Task brief: From the line with "intros Hh. destruct level_top as [Ha0 Hb0]." to the line with "assert (Hae : 0", retype every line exactly, including those two, and leave out the rest of the data below.

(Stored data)
Lemma level_width_sandwich h1 h2 : 0 < h1 < h2 -> h2 <= h0 ->
  (h2 - h1) * (lb h1 - la h1) <= 2/3 * ((lb h2 - la h2) * h2 - (lb h1 - la h1) * h1)
    <= (h2 - h1) * (lb h2 - la h2).
Proof.
  intros H12 H2.
  destruct (la_level h1) as [Ha1 Ea1]; [lra|]. destruct (la_level h2) as [Ha2 Ea2]; [lra|].
  destruct (lb_level h1) as [Hb1 Eb1]; [lra|]. destruct (lb_level h2) as [Hb2 Eb2]; [lra|].
  destruct (level_endpoints_lt h1 h2 H12 H2) as [Ha12 Hb12].
  pose proof (RInt_tangent_gap_level h1 ltac:(lra)) as I1.
  pose proof (RInt_tangent_gap_level h2 ltac:(lra)) as I2.
  set (a1 := la h1) in *. set (a2 := la h2) in *.
  set (b1 := lb h1) in *. set (b2 := lb h2) in *.
  assert (Hex : forall u v, a0 <= u <= b0 -> a0 <= v <= b0 -> ex_RInt (tangent_gap p) u v).
  { intros u v Hu Hv. apply (ex_RInt_continuous_in _ (-d) d);
      [exact (tangent_gap_continuous p) | lra | lra]. }
  rewrite <- (RInt_Chasles (tangent_gap p) a2 a1 b2), <- (RInt_Chasles (tangent_gap p) a1 b1 b2)
    in I2; try (apply Hex; lra).
  unfold plus in I2; simpl in I2.
  assert (Hleft : h1 * (a1 - a2) <= RInt (tangent_gap p) a2 a1 <= h2 * (a1 - a2)).
  { apply RInt_bounds; [lra | apply Hex; lra |]. intros t Ht.
    assert (tangent_gap p a1 < tangent_gap p t) by (apply tangent_gap_lt_left; lra).
    assert (tangent_gap p t < tangent_gap p a2) by (apply tangent_gap_lt_left; lra). lra. }
  assert (Hright : h1 * (b2 - b1) <= RInt (tangent_gap p) b1 b2 <= h2 * (b2 - b1)).
  { apply RInt_bounds; [lra | apply Hex; lra |]. intros t Ht.
    assert (tangent_gap p b1 < tangent_gap p t) by (apply tangent_gap_lt_right; lra).
    assert (tangent_gap p t < tangent_gap p b2) by (apply tangent_gap_lt_right; lra). lra. }
  split; nra.
Qed.

Lemma level_width_sq_const h : 0 < h <= h0 -> (lb h - la h)^2 / h = (b0 - a0)^2 / h0.
Proof.
  intros Hh. destruct level_top as [Ha0 Hb0].
  transitivity ((lb h0 - la h0)^2 / h0); [|now rewrite Ha0, Hb0].
  symmetry.
  apply (const_of_quadratic_increments (fun x => (lb x - la x)^2 / x) h h0
           (4 * (b0 - a0)^2 / h^3) h); [lra | lra |].
  intros x y Hx Hxy Hy Hyx.
  destruct (la_level x) as [Hax _]; [lra|]. destruct (lb_level x) as [Hbx _]; [lra|].
  destruct (la_level y) as [Hay _]; [lra|]. destruct (lb_level y) as [Hby _]; [lra|].
  apply sq_over_increment_le; [lra | lra | lra | lra | lra |].
  apply level_width_sandwich; lra.
Qed.
Lemma is_derive_quadratic_remainder f x l C d : 0 < d ->
  (forall e, Rabs e < d -> Rabs (f (x + e) - f x - e * l) <= C * e ^ 2) -> is_derive f x l.
Proof.
  intros Hd H. apply is_derive_Reals. intros eps He.
  set (K := Rabs C + 1).
  assert (HK : 0 < K) by (unfold K; pose proof (Rabs_pos C); lra).
  assert (Hd2 : 0 < Rmin d (eps / K)) by (apply Rmin_pos; auto; apply Rdiv_lt_0_compat; lra).
  exists (mkposreal _ Hd2). intros e He0 Hel. simpl in Hel.
  assert (Hel1 : Rabs e < d) by (eapply Rlt_le_trans; [exact Hel | apply Rmin_l]).
  assert (Hel2 : Rabs e * K < eps).
  { assert (Rabs e < eps / K) by (eapply Rlt_le_trans; [exact Hel | apply Rmin_r]).
    apply (Rmult_lt_compat_r K) in H0; auto. unfold Rdiv in H0. rewrite Rmult_assoc, Rinv_l in H0; lra. }
  specialize (H e Hel1).
  assert (Hae : 0 < Rabs e) by (apply Rabs_pos_lt; auto).
  replace ((f (x + e) - f x) / e - l) with ((f (x + e) - f x - e * l) / e) by (field; auto).
  unfold Rdiv. rewrite Rabs_mult, Rabs_inv, <- (pow2_abs e) in *.
  apply Rle_lt_trans with (C * Rabs e).
  - apply (Rmult_le_reg_r (Rabs e)); auto. rewrite Rmult_assoc, Rinv_l by lra. nra.
  - pose proof (Rle_abs C). unfold K in Hel2. nra.
Qed.

(** Convolution of a bounded profile with an exponential polynomial *)

Definition compact_profile (h : R -> R) (c Mh : R) :=
  0 < c /\ (forall y, c <= Rabs y -> h y = 0) /\
  (forall w, (forall y, continuous w y) -> forall a b, ex_RInt (fun y => w y * h y) a b) /\
  (forall y, Rabs (h y) <= Mh).

Definition conv_seg h P L x := RInt (fun y => ep P (x - y) * h y) (-L) L.
Definition conv_right h P L x := RInt (fun y => ep P (x - y) * h y) x L.

Lemma ex_RInt_ep_profile h c Mh P x a b : compact_profile h c Mh ->
  ex_RInt (fun y => ep P (x - y) * h y) a b.
Proof.
  intros [_ [_ [Hw _]]]. apply (Hw (fun y => ep P (x - y))). intros y; apply continuous_ep_shift.
Qed.

Lemma abs_RInt_ep_taylor_le h c Mh P R0 M2 x e u v : compact_profile h c Mh ->
  (forall w, Rabs w <= R0 -> Rabs (ep (ep_deriv (ep_deriv P)) w) <= M2) ->
  (forall y, Rmin u v < y < Rmax u v -> Rabs (x - y) <= R0 /\ Rabs (x - y + e) <= R0) ->
  Rabs (RInt (fun y => ep P (x + e - y) * h y - ep P (x - y) * h y
                         - e * (ep (ep_deriv P) (x - y) * h y)) u v)
    <= Rabs (v - u) * (M2 * e ^ 2 * Mh).
Proof.
  intros Hh HM2 Hseg. pose proof Hh as [_ [_ [Hw HMh]]].
  set (g := fun y => ep P (x + e - y) - ep P (x - y) - e * ep (ep_deriv P) (x - y)).
  apply abs_RInt_le_open_any.
  - apply (ex_RInt_ext (fun y => g y * h y)); [intros; unfold g; simpl; ring|].
    apply Hw. intros y. apply (ex_derive_continuous g). unfold g, ep, exp_affine. auto_derive. auto.
  - intros t Ht. destruct (Hseg t Ht) as [Ht1 Ht2].
    replace (x + e - t) with (x - t + e) by ring.
    replace (ep P (x - t + e) * h t - ep P (x - t) * h t - e * (ep (ep_deriv P) (x - t) * h t))
      with ((ep P (x - t + e) - ep P (x - t) - e * ep (ep_deriv P) (x - t)) * h t) by ring.
    rewrite Rabs_mult. apply Rmult_le_compat; try apply Rabs_pos; auto.
    apply ep_taylor with R0; auto.
Qed.

Lemma is_derive_conv_seg h c Mh P L x : compact_profile h c Mh -> 0 <= L ->
  is_derive (conv_seg h P L) x (conv_seg h (ep_deriv P) L x).
Proof.
  intros Hh HL.
  destruct (ep_bounded (ep_deriv (ep_deriv P)) (Rabs x + L + 1)) as [M2 [_ HM2]].
  apply is_derive_quadratic_remainder with (C := 2 * L * (M2 * Mh)) (d := 1); [lra|].
  intros e He. unfold conv_seg.
  rewrite <- RInt_minus_minus_scal by (eapply ex_RInt_ep_profile; eauto).
  replace (2 * L * (M2 * Mh) * e ^ 2) with (Rabs (L - - L) * (M2 * e ^ 2 * Mh))
    by (rewrite Rabs_right by lra; ring).
  apply abs_RInt_ep_taylor_le with (R0 := Rabs x + L + 1) (c := c); auto.
  intros y Hy. rewrite Rmin_left, Rmax_right in Hy by lra. split; split_Rabs; lra.
Qed.

Lemma abs_RInt_ep_profile_short_le h c Mh P x e B : compact_profile h c Mh ->
  (forall z, Rabs z <= Rabs e -> Rabs (ep P z) <= B) ->
  Rabs (RInt (fun y => ep P (x - y) * h y) x (x + e)) <= Rabs e * (B * Mh).
Proof.
  intros Hh HB. pose proof Hh as [_ [_ [_ HMh]]].
  replace (Rabs e) with (Rabs (x + e - x)) at 1 by (f_equal; ring).
  apply abs_RInt_le_open_any; [eapply ex_RInt_ep_profile; eauto|].
  intros t Ht. rewrite Rabs_mult. apply Rmult_le_compat; try apply Rabs_pos; auto.
  apply HB. unfold Rmin, Rmax in Ht; destruct Rle_dec; split_Rabs; lra.
Qed.
Definition finite_set {N : nat} (C : vec N -> Prop) : Prop :=
  exists l : list (vec N), forall y, C y <-> List.In y l.

Definition liminf_is_zero (u : nat -> R) : Prop :=
  (forall eps, 0 < eps -> forall M : nat, exists n : nat, (M <= n)%nat /\ u n < eps) /\
  (forall eps, 0 < eps -> exists M : nat, forall n : nat, (M <= n)%nat -> - eps < u n).

Definition limsup_is_infty (u : nat -> R) : Prop :=
  forall B : R, forall M : nat, exists n : nat, (M <= n)%nat /\ B < u n.

Definition partially_monotonic {N : nat} (x : nat -> vec N) : Prop :=
  (forall i : 'I_N, liminf_is_zero (fun n => x n i) ->
     forall n, x (S n) i <= x n i) /\
  (forall j : 'I_N, limsup_is_infty (fun n => x n j) ->
     forall n, x n j <= x (S n) j).

(* {T_0, ..., T_(P-1)} is a partition of C (tiers indexed 0..P-1 instead of 1..P) *)
Definition is_partition {N : nat} (C : vec N -> Prop) (P : nat)
    (T : nat -> vec N -> Prop) : Prop :=
  (forall k, (k < P)%nat -> exists y, T k y) /\
  (forall k l y, (k < P)%nat -> (l < P)%nat -> T k y -> T l y -> k = l) /\
  (forall y, C y <-> exists k, (k < P)%nat /\ T k y).

Definition partitioned_along {N : nat} (C : vec N -> Prop) (x : nat -> vec N)
    (P : nat) (T : nat -> vec N -> Prop) (Cst : R) : Prop :=
  is_partition C P T /\ 1 < Cst /\
  (forall k y z, (k < P)%nat -> T k y -> T k z -> forall n,
      / Cst * monom (x n) y <= monom (x n) z /\ monom (x n) z <= Cst * monom (x n) y) /\
  (forall k m y z, (k < P)%nat -> (1 <= m)%nat -> (k + m < P)%nat ->
      T k y -> T (k + m)%nat z ->
      cv_infty (fun n => monom (x n) y / monom (x n) z)).

Definition conservation_relation {N : nat} (U V : 'I_N -> Prop) (P : nat)
    (T : nat -> vec N -> Prop) (w : vec N) : Prop :=
  (exists i, U i \/ V i) /\
  (forall i, 0 < w i <-> U i) /\
  (forall i, w i < 0 <-> V i) /\
  (forall k y z, (k < P)%nat -> T k y -> T k z -> dot w (vsub y z) = 0).

(* Write u_n = -ln x_n coordinatewise.  For y, z in a common tier the monomials
   x_n^y and x_n^z stay within a constant factor, i.e. u_n . (y - z) is
   bounded.  Under partial monotonicity every coordinate outside U u V stays in
   a compact subinterval of (0, +oo), so u_n is bounded there; hence u_n is
   also bounded against the restriction d of y - z to the coordinates in U u V.
   A linear-algebra "bounded correction" lemma then moves u_n by a bounded
   amount to v_n orthogonal to all (finitely many) such d.  Since u_n tends to
   +oo on U and to -oo on V, for large M the vector v_M is positive on U and
   negative on V, and its restriction w to U u V is the required relation:
   w . (y - z) = v_M . d = 0. *)

From Stdlib Require Import Reals Lra Classical ClassicalEpsilon.
From mathcomp Require Import ssreflect ssrbool ssrnat eqtype seq fintype.
From mathcomp Require Import zify.
Open Scope R_scope.

Definition lsum {I : Type} (l : seq I) (f : I -> R) : R := foldr Rplus 0 (map f l).

Lemma lsum_nil {I : Type} (f : I -> R) : lsum [::] f = 0.
Proof. by []. Qed.

Lemma lsum_cons {I : Type} (a : I) (l : seq I) (f : I -> R) :
  lsum (a :: l) f = f a + lsum l f.
Proof. by []. Qed.

Lemma lsum_ext {I : Type} (l : seq I) (f g : I -> R) :
  (forall i, f i = g i) -> lsum l f = lsum l g.
Proof. by move=> Hfg; rewrite /lsum (eq_map Hfg). Qed.

Lemma lsum_sub {I : Type} (l : seq I) (f g : I -> R) :
  lsum l (fun i => f i - g i) = lsum l f - lsum l g.
Proof. by elim: l => [|a l IH]; rewrite ?lsum_nil ?lsum_cons ?IH; ring. Qed.

Lemma lsum_scale {I : Type} (l : seq I) (c : R) (f : I -> R) :
  lsum l (fun i => c * f i) = c * lsum l f.
Proof. by elim: l => [|a l IH]; rewrite ?lsum_nil ?lsum_cons ?IH; ring. Qed.

Lemma lsum_opp {I : Type} (l : seq I) (f : I -> R) :
  lsum l (fun i => - f i) = - lsum l f.
Proof. by elim: l => [|a l IH]; rewrite ?lsum_nil ?lsum_cons ?IH; ring. Qed.

Lemma prod_exp {I : Type} (l : seq I) (f : I -> R) :
  foldr Rmult 1 (map (fun i => exp (f i)) l) = exp (lsum l f).
Proof. by elim: l => [|a l IH] /=; rewrite ?lsum_nil ?lsum_cons ?exp_0 // IH exp_plus. Qed.

Definition bounded (f : nat -> R) : Prop := exists B, forall n, Rabs (f n) <= B.

Lemma bounded_ext (f g : nat -> R) :
  (forall n, f n = g n) -> bounded f -> bounded g.
Proof. by move=> Hfg [B HB]; exists B => n; rewrite -Hfg. Qed.

Lemma bounded_add (f g : nat -> R) :
  bounded f -> bounded g -> bounded (fun n => f n + g n).
Proof.
move=> [B1 H1] [B2 H2]; exists (B1 + B2) => n.
by apply: Rle_trans (Rabs_triang _ _) _; apply: Rplus_le_compat.
Qed.

Lemma bounded_opp (f : nat -> R) : bounded f -> bounded (fun n => - f n).
Proof. by move=> [B HB]; exists B => n; rewrite Rabs_Ropp. Qed.

Lemma bounded_sub (f g : nat -> R) :
  bounded f -> bounded g -> bounded (fun n => f n - g n).
Proof. by move=> Hf Hg; apply: bounded_add Hf (bounded_opp _ Hg). Qed.

Lemma bounded_mulr (f : nat -> R) (c : R) :
  bounded f -> bounded (fun n => f n * c).
Proof.
move=> [B HB]; exists (B * Rabs c) => n; rewrite Rabs_mult.
exact: Rmult_le_compat_r (Rabs_pos c) (HB n).
Qed.

Lemma bounded_lsum {I : Type} (l : seq I) (f : nat -> I -> R) :
  (forall i, bounded (fun n => f n i)) -> bounded (fun n => lsum l (f n)).
Proof.
move=> Hf; elim: l => [|a l IH].
  by exists 0 => n; rewrite lsum_nil Rabs_R0; apply: Rle_refl.
exact: bounded_add (Hf a) IH.
Qed.

Lemma Rabs_le_between (a B : R) : Rabs a <= B -> - B <= a <= B.
Proof. by split_Rabs; lra. Qed.

Lemma eventually_pos_of_close (a b : nat -> R) :
  bounded (fun n => a n - b n) -> cv_infty b ->
  exists M, forall n, (M <= n)%coq_nat -> 0 < a n.
Proof.
move=> [B HB] Hb; have [M HM] := Hb B; exists M => n Hn.
have := HM n Hn; have := Rabs_le_between _ _ (HB n); lra.
Qed.

Definition vscale {N : nat} (c : R) (e : vec N) : vec N := fun i => c * e i.

Lemma dotE {N : nat} (w y : vec N) : dot w y = lsum (enum 'I_N) (fun i => w i * y i).
Proof. by []. Qed.

Lemma dot_vsub_l {N : nat} (a b d : vec N) : dot (vsub a b) d = dot a d - dot b d.
Proof. by rewrite !dotE -lsum_sub; apply: lsum_ext => i; rewrite /vsub; ring. Qed.

Lemma dot_vsub_r {N : nat} (a y z : vec N) : dot a (vsub y z) = dot a y - dot a z.
Proof. by rewrite !dotE -lsum_sub; apply: lsum_ext => i; rewrite /vsub; ring. Qed.

Lemma dot_vscale_l {N : nat} (c : R) (e d : vec N) : dot (vscale c e) d = c * dot e d.
Proof. by rewrite !dotE -lsum_scale; apply: lsum_ext => i; rewrite /vscale; ring. Qed.

Lemma dot_comm {N : nat} (a b : vec N) : dot a b = dot b a.
Proof. by rewrite !dotE; apply: lsum_ext => i; ring. Qed.

Lemma bounded_dot {N : nat} (a : nat -> vec N) (d : vec N) :
  (forall i, bounded (fun n => a n i)) -> bounded (fun n => dot (a n) d).
Proof. by move=> Ha; apply: bounded_lsum => i; apply: bounded_mulr. Qed.

Definition restrict {N : nat} (S : 'I_N -> Prop) (d : vec N) : vec N :=
  fun i => if excluded_middle_informative (S i) then d i else 0.

Lemma dot_restrict_comm {N : nat} (S : 'I_N -> Prop) (a b : vec N) :
  dot (restrict S a) b = dot a (restrict S b).
Proof.
rewrite !dotE; apply: lsum_ext => i; rewrite /restrict.
by case: excluded_middle_informative => ? /=; ring.
Qed.

Lemma dot_restrict_compl {N : nat} (S : 'I_N -> Prop) (a d : vec N) :
  dot a (restrict S d) = dot a d - dot (restrict (fun i => ~ S i) a) d.
Proof.
rewrite !dotE -lsum_sub; apply: lsum_ext => i; rewrite /restrict.
by do 2 case: excluded_middle_informative => ? //=; try ring; tauto.
Qed.

Lemma list_select {A : Type} (l : seq A) (Q : A -> Prop) :
  exists l' : seq A, forall a, List.In a l' <-> List.In a l /\ Q a.
Proof.
elim: l => [|b l [l' Hl']]; first by exists [::] => a; split => [|[]].
case: (classic (Q b)) => Qb; [exists (b :: l') | exists l'] => a /=;
  move: (Hl' a); intuition congruence.
Qed.

(* Either some [e] orthogonal to [ds] has [dot e a <> 0] and we subtract the
   right multiple of [e], or [a] is already forced to be orthogonal. *)
Lemma correction_step {N : nat} (u v : nat -> vec N) (ds : seq (vec N)) (a : vec N) :
  bounded (fun n => dot (u n) a) ->
  (forall i, bounded (fun n => v n i - u n i)) ->
  (forall n d, List.In d ds -> dot (v n) d = 0) ->
  exists v' : nat -> vec N,
    (forall i, bounded (fun n => v' n i - u n i)) /\
    (forall n d, List.In d (a :: ds) -> dot (v' n) d = 0).
Proof.
move=> Hua Hvu Hvds.
case: (classic (exists e : vec N,
          (forall d, List.In d ds -> dot e d = 0) /\ dot e a <> 0))
  => [[e [Heds Hea]] | Hnone]; last first.
  exists v; split => // n d [<- | Hd]; last exact: Hvds.
  apply: NNPP => Hva; apply: Hnone; exists (v n); split => // d'; exact: Hvds.
pose c n := dot (v n) a / dot e a.
have Hc : bounded c.
  apply: bounded_mulr; apply: (bounded_ext (fun n => dot (vsub (v n) (u n)) a + dot (u n) a)).
    by move=> n; rewrite dot_vsub_l; ring.
  by apply: bounded_add Hua; apply: bounded_dot.
exists (fun n => vsub (v n) (vscale (c n) e)); split.
  move=> i; apply: (bounded_ext (fun n => (v n i - u n i) - c n * e i)).
    by move=> n; rewrite /vsub /vscale; ring.
  exact: bounded_sub (Hvu i) (bounded_mulr _ _ Hc).
move=> n d Hd; rewrite dot_vsub_l dot_vscale_l.
case: Hd => [<- | Hd]; first by rewrite /c; field.
by rewrite Hvds // Heds //; ring.
Qed.

Lemma bounded_correction {N : nat} (u : nat -> vec N) (ds : seq (vec N)) :
  (forall d, List.In d ds -> bounded (fun n => dot (u n) d)) ->
  exists v : nat -> vec N,
    (forall i, bounded (fun n => v n i - u n i)) /\
    (forall n d, List.In d ds -> dot (v n) d = 0).
Proof.
elim: ds => [|a ds IH] Hds.
  exists u; split => // i; exists 0 => n; rewrite Rminus_diag Rabs_R0; exact: Rle_refl.
have [v [Hvu Hvds]] := IH (fun d Hd => Hds d (or_intror Hd)).
by apply: (correction_step u v ds a) => //; apply: Hds; left.
Qed.

Lemma ln_le_compat (a b : R) : 0 < a -> a <= b -> ln a <= ln b.
Proof. by move=> Ha [Hab | ->]; [left; exact: ln_increasing | right]. Qed.

Lemma upper_bound_of_eventual (f : nat -> R) (M : nat) (a : R) :
  (forall n, (M <= n)%nat -> f n <= a) -> exists B, forall n, f n <= B.
Proof.
elim: M a => [|M IH] a Ha; first by exists a => n; apply: Ha.
apply: (IH (Rmax a (f M))) => n Hn.
have [-> | HMn] : n = M \/ (M < n)%nat by lia.
  exact: Rmax_r.
exact: Rle_trans (Ha n HMn) (Rmax_l _ _).
Qed.

(* A positive sequence bounded below by a positive constant from some index on
   is bounded below by a positive constant (apply the previous lemma to [/ f]). *)
Lemma lower_bound_of_eventual (f : nat -> R) (M : nat) (a : R) :
  (forall n, 0 < f n) -> 0 < a -> (forall n, (M <= n)%nat -> a <= f n) ->
  exists b, 0 < b /\ forall n, b <= f n.
Proof.
move=> Hpos Ha HM.
have [B HB] : exists B, forall n, / f n <= B.
  apply: (upper_bound_of_eventual _ M (/ a)) => n Hn.
  exact: Rinv_le_contravar Ha (HM n Hn).
have HB0 : 0 < B by apply: Rlt_le_trans (HB 0%nat); apply: Rinv_0_lt_compat.
exists (/ B); split; first exact: Rinv_0_lt_compat.
move=> n; rewrite -(Rinv_inv (f n)).
exact: Rinv_le_contravar (Rinv_0_lt_compat _ (Hpos n)) (HB n).
Qed.

Lemma decreasing_liminf_zero_cv (f : nat -> R) :
  (forall n, 0 < f n) -> Un_decreasing f -> liminf_is_zero f -> Un_cv f 0.
Proof.
move=> Hpos Hdec [Hsmall _] eps Heps.
have [n0 [_ Hn0]] := Hsmall eps Heps 0%nat.
exists n0 => n Hn; rewrite /R_dist Rminus_0_r Rabs_pos_eq; last exact: Rlt_le.
exact: Rle_lt_trans (decreasing_prop f n0 n Hdec Hn) Hn0.
Qed.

Output of the exercise:
  intros Hh. destruct level_top as [Ha0 Hb0].
  transitivity ((lb h0 - la h0)^2 / h0); [|now rewrite Ha0, Hb0].
  symmetry.
  apply (const_of_quadratic_increments (fun x => (lb x - la x)^2 / x) h h0
           (4 * (b0 - a0)^2 / h^3) h); [lra | lra |].
  intros x y Hx Hxy Hy Hyx.
  destruct (la_level x) as [Hax _]; [lra|]. destruct (lb_level x) as [Hbx _]; [lra|].
  destruct (la_level y) as [Hay _]; [lra|]. destruct (lb_level y) as [Hby _]; [lra|].
  apply sq_over_increment_le; [lra | lra | lra | lra | lra |].
  apply level_width_sandwich; lra.
Qed.
Lemma is_derive_quadratic_remainder f x l C d : 0 < d ->
  (forall e, Rabs e < d -> Rabs (f (x + e) - f x - e * l) <= C * e ^ 2) -> is_derive f x l.
Proof.
  intros Hd H. apply is_derive_Reals. intros eps He.
  set (K := Rabs C + 1).
  assert (HK : 0 < K) by (unfold K; pose proof (Rabs_pos C); lra).
  assert (Hd2 : 0 < Rmin d (eps / K)) by (apply Rmin_pos; auto; apply Rdiv_lt_0_compat; lra).
  exists (mkposreal _ Hd2). intros e He0 Hel. simpl in Hel.
  assert (Hel1 : Rabs e < d) by (eapply Rlt_le_trans; [exact Hel | apply Rmin_l]).
  assert (Hel2 : Rabs e * K < eps).
  { assert (Rabs e < eps / K) by (eapply Rlt_le_trans; [exact Hel | apply Rmin_r]).
    apply (Rmult_lt_compat_r K) in H0; auto. unfold Rdiv in H0. rewrite Rmult_assoc, Rinv_l in H0; lra. }
  specialize (H e Hel1).
  assert (Hae : 0 < Rabs e) by (apply Rabs_pos_lt; auto).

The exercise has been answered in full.